As stated in section 2, the functional modeling stage is usually accomplished by means of one of the multiple IP libraries available. Although these libraries are functionally overlapped to some extent, they cover different aspects and consequently, they can be considered complementary. Thus, being able to simultaneously employ a mixture of them for building functional prototypes would be both useful and enriching. However, each IP library uses its own defined data structures, function calling conventions and error handling mechanisms, making it difficult to join them together.
In order to integrate the functionality provided by several of the existing IP libraries and toolboxes [4] [5] [6] [7] , the IP-CoDe Tool provides a wrapping mechanism which allows building homogeneous and inter-connectable IP components from heterogeneous IP functions. Wrappers allow mapping data representations, adding functionality to (or masking unneeded functionality of) components, and provide a higher level of abstraction to the components [9] [10].
The IP-CoDe Tool provides a template for homogeneous IP component generation. In order to fill in this template, the user must provide (1) the signature of the function being wrapped, i.e. the number and type of its parameters, (2) the external interface of the component, i.e. the number and type of its connectors, and (3) the function that links each component connector to one of the function parameters. Once this template has been filled in, the IP-CoDe Tool automatically generates the corresponding wrapper, and thus a new component which is added to a repository of homogeneous and inter-connectable IP components for its latter use.
The IP-Code Tool allows building functional prototypes in a very rapid and intuitive way due to its Graphical User Interface (GUI), which makes it possible to "drag and drop" and interconnect any number of components selected from the repository. Any functional model depicted using this tool may be wrapped as well, in order to build a new higher-level functional component.
When the depicted functional prototype seems to be complete, the user can automatically obtain the corresponding code, which can be compiled and linked in order to produce a running prototype that allow testing the functional behavior using different input data (see Fig. 1 ).
Architectural Design
Building an architectural co-prototype implies selecting a specific platform on which to deploy the functional prototype. Thus, at this stage a SW/HW partitioning must be decided and non-functional requirements must be tested. As mentioned in section 2, these tests require a co-simulation tool.
Among the existing simulation tools, Simulink [11] is one of the most popular, mainly owing to its straight forward connection to MATLAB and to its graphical easy-to-use interface. Actually, Simulink can be used as a co-simulation tool, as both SW and HW blocks can be incorporated as a part of the system under simulation. SW blocks can be obtained from the many existing Simulink Toolboxes, and can also encapsulate MATLAB, C/C++, FORTRAN and Ada functions (S-functions). HW blocks can be obtained from the various HW device-specific Toolboxes (e.g. System Generator [12] for the Xillinx FPGA 1 ). These are some of the reasons why Simulink has been selected as the co-simulation tool for the IP-CoDe Tool.

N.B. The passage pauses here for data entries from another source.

(* Let $X$ be a finite $T_0$ space and $Y=X\circledast\mathbb{S}^0$ its non-Hausdorff suspension. Then $\mathrm{TC}(Y)=1$ if $X$ is contractible, and $\mathrm{TC}(Y)=4$ if $X$ is not contractible.
   Context: Finite $T_0$ spaces are identified with finite posets ($x^\downarrow=\{y:y\le x\}$ is the minimal open neighborhood of $x$; open sets are the down-closed sets). The non-Hausdorff join $A\circledast B$ of finite $T_0$ spaces $A,B$ is the disjoint union $A\sqcup B$ with the orders of $A$ and $B$ kept and additionally $a\le b$ for all $a\in A$, $b\in B$. $\mathbb{S}^0=\{x_0,y_0\}$ is the two-point discrete space, and $X\circledast\mathbb{S}^0$ is the non-Hausdorff suspension. Topological complexity is unreduced: for path-connected $Y$, with $\pi:Y^I\to Y\times Y$, $\gamma\mapsto(\gamma(0),\gamma(1))$ ($Y^I$ with compact-open topology), $\mathrm{TC}(Y)$ is the minimal $k$ such that $Y\times Y$ is covered by $k$ open sets each admitting a continuous section of $\pi$. *)

From Stdlib Require Import Reals List.
Open Scope R_scope.

Definition opens (T : Type) := (T -> Prop) -> Prop.

Definition continuous {A B : Type} (oA : opens A) (oB : opens B) (f : A -> B) :=
  forall V, oB V -> oA (fun a => V (f a)).

Definition prod_open {A B : Type} (oA : opens A) (oB : opens B) : opens (A * B) :=
  fun W => forall p, W p -> exists U V, oA U /\ oB V /\ U (fst p) /\ V (snd p) /\
                          (forall a b, U a -> V b -> W (a, b)).

Definition sub_open {A : Type} (oA : opens A) (P : A -> Prop) : opens {a | P a} :=
  fun W => exists U, oA U /\ forall x, W x <-> U (proj1_sig x).

(** Topology generated by a subbasis S (finite intersections of members of S,
    the empty intersection being the whole space, then arbitrary unions). *)
Definition generated_open {A : Type} (S : (A -> Prop) -> Prop) : opens A :=
  fun W => forall a, W a -> exists l : list (A -> Prop),
      (forall B, In B l -> S B) /\ (forall B, In B l -> B a) /\
      (forall x, (forall B, In B l -> B x) -> W x).

Definition compact {A : Type} (oA : opens A) (K : A -> Prop) :=
  forall F : (A -> Prop) -> Prop,
    (forall U, F U -> oA U) ->
    (forall a, K a -> exists U, F U /\ U a) ->
    exists l : list (A -> Prop), (forall U, In U l -> F U) /\
      (forall a, K a -> exists U, In U l /\ U a).

Definition R_open : opens R :=
  fun U => forall x, U x -> exists eps, 0 < eps /\ forall y, Rabs (y - x) < eps -> U y.

Definition unitI := {t : R | 0 <= t <= 1}.
Definition I_open : opens unitI := sub_open R_open (fun t => 0 <= t <= 1).
Definition I0 : unitI := exist _ 0 (conj (Rle_refl 0) Rle_0_1).
Definition I1 : unitI := exist _ 1 (conj Rle_0_1 (Rle_refl 1)).

Definition cmap {A B : Type} (oA : opens A) (oB : opens B) :=
  {f : A -> B | continuous oA oB f}.

Definition compact_open {A B : Type} (oA : opens A) (oB : opens B) : opens (cmap oA oB) :=
  generated_open (fun W => exists K U, compact oA K /\ oB U /\
                     forall f : cmap oA oB, W f <-> forall a, K a -> U (proj1_sig f a)).

(** Finite T0 spaces = finite posets: open sets are the down-closed sets. *)
Definition alex_open {X : Type} (le : X -> X -> Prop) : opens X :=
  fun U => forall x y, U x -> le y x -> U y.

(** Non-Hausdorff suspension X ⊛ S^0 = X ⊔ {x0, y0}, with a <= pole for all a. *)
Inductive susp (X : Type) : Type :=
| base : X -> susp X
| pole : bool -> susp X.
Arguments base {X} _.
Arguments pole {X} _.

Definition susp_le {X : Type} (le : X -> X -> Prop) (u v : susp X) : Prop :=
  match u, v with
  | base a, base b => le a b
  | base _, pole _ => True
  | pole b, pole c => b = c
  | pole _, base _ => False
  end.

Definition contractible {X : Type} (oX : opens X) : Prop :=
  exists (x0 : X) (H : X * unitI -> X),
    continuous (prod_open oX I_open) oX H /\
    forall x, H (x, I0) = x /\ H (x, I1) = x0.

(** Topological complexity (unreduced). *)
Section TC.
Context {Y : Type} (oY : opens Y).

Definition path_space := cmap I_open oY.
Definition path_open : opens path_space := compact_open I_open oY.
Definition endpoints (g : path_space) : Y * Y := (proj1_sig g I0, proj1_sig g I1).

Definition has_section (U : Y * Y -> Prop) : Prop :=
  exists s : {p | U p} -> path_space,
    continuous (sub_open (prod_open oY oY) U) path_open s /\
    forall p, endpoints (s p) = proj1_sig p.

Definition TC_cover (k : nat) : Prop :=
  exists Us : nat -> (Y * Y -> Prop),
    (forall i, (i < k)%nat -> prod_open oY oY (Us i) /\ has_section (Us i)) /\
    (forall p, exists i, (i < k)%nat /\ Us i p).

Definition TC_eq (n : nat) : Prop :=
  TC_cover n /\ forall k, TC_cover k -> (n <= k)%nat.
End TC.

(* A map between finite T0 spaces is continuous iff it is monotone, and a path [0,1] -> T is
   a map each of whose values bounds the values at nearby times.  As T is finite, a path of
   monotone self-maps is then a fence of finitely many pointwise comparable maps, so homotopy
   is combinatorial (Stong).

   Upper bounds: Y x Y is covered by the down-sets of the four pole pairs, over each of which
   y1 can go up to a pole, down into X, up to a pole and down to y2; if X contracts to c, the
   contraction gives one section over all of Y x Y.  Lower bound: if fewer than four open sets
   cover Y x Y, one of them contains two pole pairs, and a section over it fences id_Y to a
   constant.  Beat points of X stay beat points of Y, so removing them reduces to an X without
   beat points; if X still has two points then Y has no beat point either, and a fence from
   id_Y would fix both poles.  Hence X is fence-contractible, i.e. contractible. *)

From Pilot Require Import Defs.
From Stdlib Require Import Reals List Lra Lia ClassicalEpsilon ProofIrrelevance Classical.
Open Scope R_scope.

(** * Paths in a finite space *)

Lemma Rabs_lt_intro x y e : x - y < e -> y - x < e -> Rabs (x - y) < e.
Proof. intros; apply Rabs_def1; lra. Qed.

Lemma Rabs_lt_elim x y e : Rabs (x - y) < e -> x - y < e /\ y - x < e.
Proof. intros H; apply Rabs_def2 in H; lra. Qed.

Section Paths.
Context {T : Type} (le : T -> T -> Prop).
Hypothesis le_refl : forall x, le x x.

(* A path is a function on R of which only the values on [0,1] matter; continuity into the
   Alexandrov topology says that g t bounds g on a neighbourhood of t. *)
Definition apath (g : R -> T) := forall t, 0 <= t <= 1 -> exists e, 0 < e /\
  forall t', 0 <= t' <= 1 -> Rabs (t' - t) < e -> le (g t') (g t).

Definition path_family {Z : Type} (leZ : Z -> Z -> Prop) (D : Z -> Prop) (g : Z -> R -> T) :=
  (forall z, D z -> apath (g z)) /\
  (forall z z', D z -> D z' -> leZ z z' -> forall t, 0 <= t <= 1 -> le (g z t) (g z' t)).

Definition path_cat (g1 g2 : R -> T) (t : R) : T :=
  if Rlt_dec t (/2) then g1 (2 * t) else if Rlt_dec (/2) t then g2 (2 * t - 1) else g1 1.

Definition path_rev (g : R -> T) (t : R) : T := g (1 - t).

Definition step_up (a b : T) (t : R) : T := if Rlt_dec t 1 then a else b.

Definition step_down (a b : T) : R -> T := path_rev (step_up b a).

Lemma path_cat_0 g1 g2 : path_cat g1 g2 0 = g1 0.
Proof. unfold path_cat. destruct (Rlt_dec 0 (/2)); [|lra]. f_equal; ring. Qed.

Lemma path_cat_1 g1 g2 : path_cat g1 g2 1 = g2 1.
Proof.
  unfold path_cat. destruct (Rlt_dec 1 (/2)); [lra|].
  destruct (Rlt_dec (/2) 1); [|lra]. f_equal; ring.
Qed.

Lemma path_rev_0 g : path_rev g 0 = g 1.
Proof. unfold path_rev; f_equal; ring. Qed.

Lemma path_rev_1 g : path_rev g 1 = g 0.
Proof. unfold path_rev; f_equal; ring. Qed.

Lemma step_up_0 a b : step_up a b 0 = a.
Proof. unfold step_up; destruct (Rlt_dec 0 1); auto; lra. Qed.

Lemma step_up_1 a b : step_up a b 1 = b.
Proof. unfold step_up; destruct (Rlt_dec 1 1); auto; lra. Qed.

Lemma step_down_0 a b : step_down a b 0 = a.
Proof. unfold step_down; rewrite path_rev_0; apply step_up_1. Qed.

Lemma step_down_1 a b : step_down a b 1 = b.
Proof. unfold step_down; rewrite path_rev_1; apply step_up_0. Qed.

Lemma apath_cat g1 g2 : apath g1 -> apath g2 -> g1 1 = g2 0 -> apath (path_cat g1 g2).
Proof.
  intros H1 H2 E t Ht. unfold path_cat. destruct (Rlt_dec t (/2)).
  - destruct (H1 (2 * t)) as [e [He Hl]]; [lra|].
    exists (Rmin (e / 2) (/2 - t)). split; [apply Rmin_glb_lt; lra|].
    intros t' Ht' Ha.
    pose proof (Rmin_l (e / 2) (/2 - t)); pose proof (Rmin_r (e / 2) (/2 - t)).
    apply Rabs_lt_elim in Ha. destruct (Rlt_dec t' (/2)); [|lra].
    apply Hl; [lra|]. apply Rabs_lt_intro; lra.
  - destruct (Rlt_dec (/2) t).
    + destruct (H2 (2 * t - 1)) as [e [He Hl]]; [lra|].
      exists (Rmin (e / 2) (t - /2)). split; [apply Rmin_glb_lt; lra|].
      intros t' Ht' Ha.
      pose proof (Rmin_l (e / 2) (t - /2)); pose proof (Rmin_r (e / 2) (t - /2)).
      apply Rabs_lt_elim in Ha. destruct (Rlt_dec t' (/2)); [lra|].
      destruct (Rlt_dec (/2) t'); [|lra].
      apply Hl; [lra|]. apply Rabs_lt_intro; lra.
    + destruct (H1 1) as [e1 [He1 Hl1]]; [lra|].
      destruct (H2 0) as [e2 [He2 Hl2]]; [lra|].
      exists (Rmin (e1 / 2) (e2 / 2)). split; [apply Rmin_glb_lt; lra|].
      intros t' Ht' Ha.
      pose proof (Rmin_l (e1 / 2) (e2 / 2)); pose proof (Rmin_r (e1 / 2) (e2 / 2)).
      apply Rabs_lt_elim in Ha. destruct (Rlt_dec t' (/2)).
      * apply Hl1; [lra|]. apply Rabs_lt_intro; lra.
      * destruct (Rlt_dec (/2) t'); [|apply le_refl].
        rewrite E. apply Hl2; [lra|]. apply Rabs_lt_intro; lra.
Qed.

Section Families.
Context {Z : Type} (leZ : Z -> Z -> Prop) (D : Z -> Prop).

Lemma path_family_cat g1 g2 :
  path_family leZ D g1 -> path_family leZ D g2 -> (forall z, D z -> g1 z 1 = g2 z 0) ->
  path_family leZ D (fun z => path_cat (g1 z) (g2 z)).
Proof.
  intros [P1 M1] [P2 M2] E. split.
  - intros z Hz. apply apath_cat; auto.
  - intros z z' Hz Hz' Hzz t Ht. unfold path_cat.
    destruct (Rlt_dec t (/2)); [apply M1; auto; lra|].
    destruct (Rlt_dec (/2) t); [apply M2 | apply M1]; auto; lra.
Qed.

Lemma path_family_rev g : path_family leZ D g -> path_family leZ D (fun z => path_rev (g z)).
Proof.
  intros [P M]. split.
  - intros z Hz t Ht. destruct (P z Hz (1 - t)) as [e [He Hl]]; [lra|].
    exists e. split; [exact He|]. intros t' Ht' Ha. apply Hl; [lra|].
    apply Rabs_lt_elim in Ha. apply Rabs_lt_intro; lra.
  - intros z z' Hz Hz' Hzz t Ht. apply M; auto; lra.
Qed.

Lemma path_family_up (a b : Z -> T) :
  (forall z, D z -> le (a z) (b z)) ->
  (forall z z', D z -> D z' -> leZ z z' -> le (a z) (a z') /\ le (b z) (b z')) ->
  path_family leZ D (fun z => step_up (a z) (b z)).
Proof.
  intros Hab M. split.
  - intros z Hz t Ht. unfold step_up. destruct (Rlt_dec t 1).
    + exists (1 - t). split; [lra|]. intros t' Ht' Ha. apply Rabs_lt_elim in Ha.
      destruct (Rlt_dec t' 1); [apply le_refl|lra].
    + exists 1. split; [lra|]. intros t' _ _. destruct (Rlt_dec t' 1); auto.
  - intros z z' Hz Hz' Hzz t Ht. unfold step_up. destruct (M z z' Hz Hz' Hzz).
    destruct (Rlt_dec t 1); auto.
Qed.

Lemma path_family_down (a b : Z -> T) :
  (forall z, D z -> le (b z) (a z)) ->
  (forall z z', D z -> D z' -> leZ z z' -> le (a z) (a z') /\ le (b z) (b z')) ->
  path_family leZ D (fun z => step_down (a z) (b z)).
Proof.
  intros Hab M. apply path_family_rev, path_family_up; [exact Hab|].
  intros z z' Hz Hz' Hzz. destruct (M z z' Hz Hz' Hzz); auto.
Qed.

End Families.

Lemma path_family_comp {Z Z' : Type} (leZ : Z -> Z -> Prop) (leZ' : Z' -> Z' -> Prop)
  (D : Z -> Prop) (D' : Z' -> Prop) g (f : Z' -> Z) :
  path_family leZ D g -> (forall z, D' z -> D (f z)) ->
  (forall z z', D' z -> D' z' -> leZ' z z' -> leZ (f z) (f z')) ->
  path_family leZ' D' (fun z => g (f z)).
Proof. intros [P M] HD Hf. split; intros; auto. Qed.

End Paths.

(** * The Alexandrov topology *)

Definition clamp (r : R) : unitI :=
  match Rle_dec 0 r with
  | left h0 => match Rle_dec r 1 with
               | left h1 => exist _ r (conj h0 h1)
               | right _ => I1 end
  | right _ => I0 end.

After a SW/HW partitioning of the functional prototype has been decided (manually so far), the IP-CoDe Tool automatically deploys the corresponding Simulink coprototype (mdl file). Each SW block in this co-prototype is then automatically filled in with an S-function automatically built by the IP-CoDe Tool from the corresponding component in the functional prototype. The estimated execution time of each SW block is then calculated, as this information is required for timing and synchronization purposes during the co-simulation (see Fig. 1 ).
In order to fill in the HW blocks, a library of IP high-level HW components has been created from a set of low-level functions included in the System Generator Toolbox for Simulink [11] . Some other HW blocks have also been included in this library directly from VHDL 2 -cores using a wrapper mechanism to allow their interconnection with the former ones. It is worth noting that all these HW blocks can be directly simulated by Simulink 3 without needing to buy any specific HW device. However, Simulink can also be used for generating and transferring the corresponding VHDL code for each HW block to a target FPGA in order to speed up the co-simulation.
Once the co-prototype is finished, co-simulation allows checking the nonfunctional requirement fulfillment. For instance, the execution time information provided by the co-simulation allows checking whether the synchronization and timing requirements are met. In the same way, other low-level HW requirements (e.g. maximum working frequency or FPGA area occupancy), can also be retrieved and checked.
Implementation
After carefully testing and fine-tuning the co-prototype, the final code of the IP application can be automatically obtained. Actually, the code associated to each software block is obtained during the functional prototyping stage, and the VHDL code corresponding to the HW blocks is straightly obtained by the System Generator Toolbox.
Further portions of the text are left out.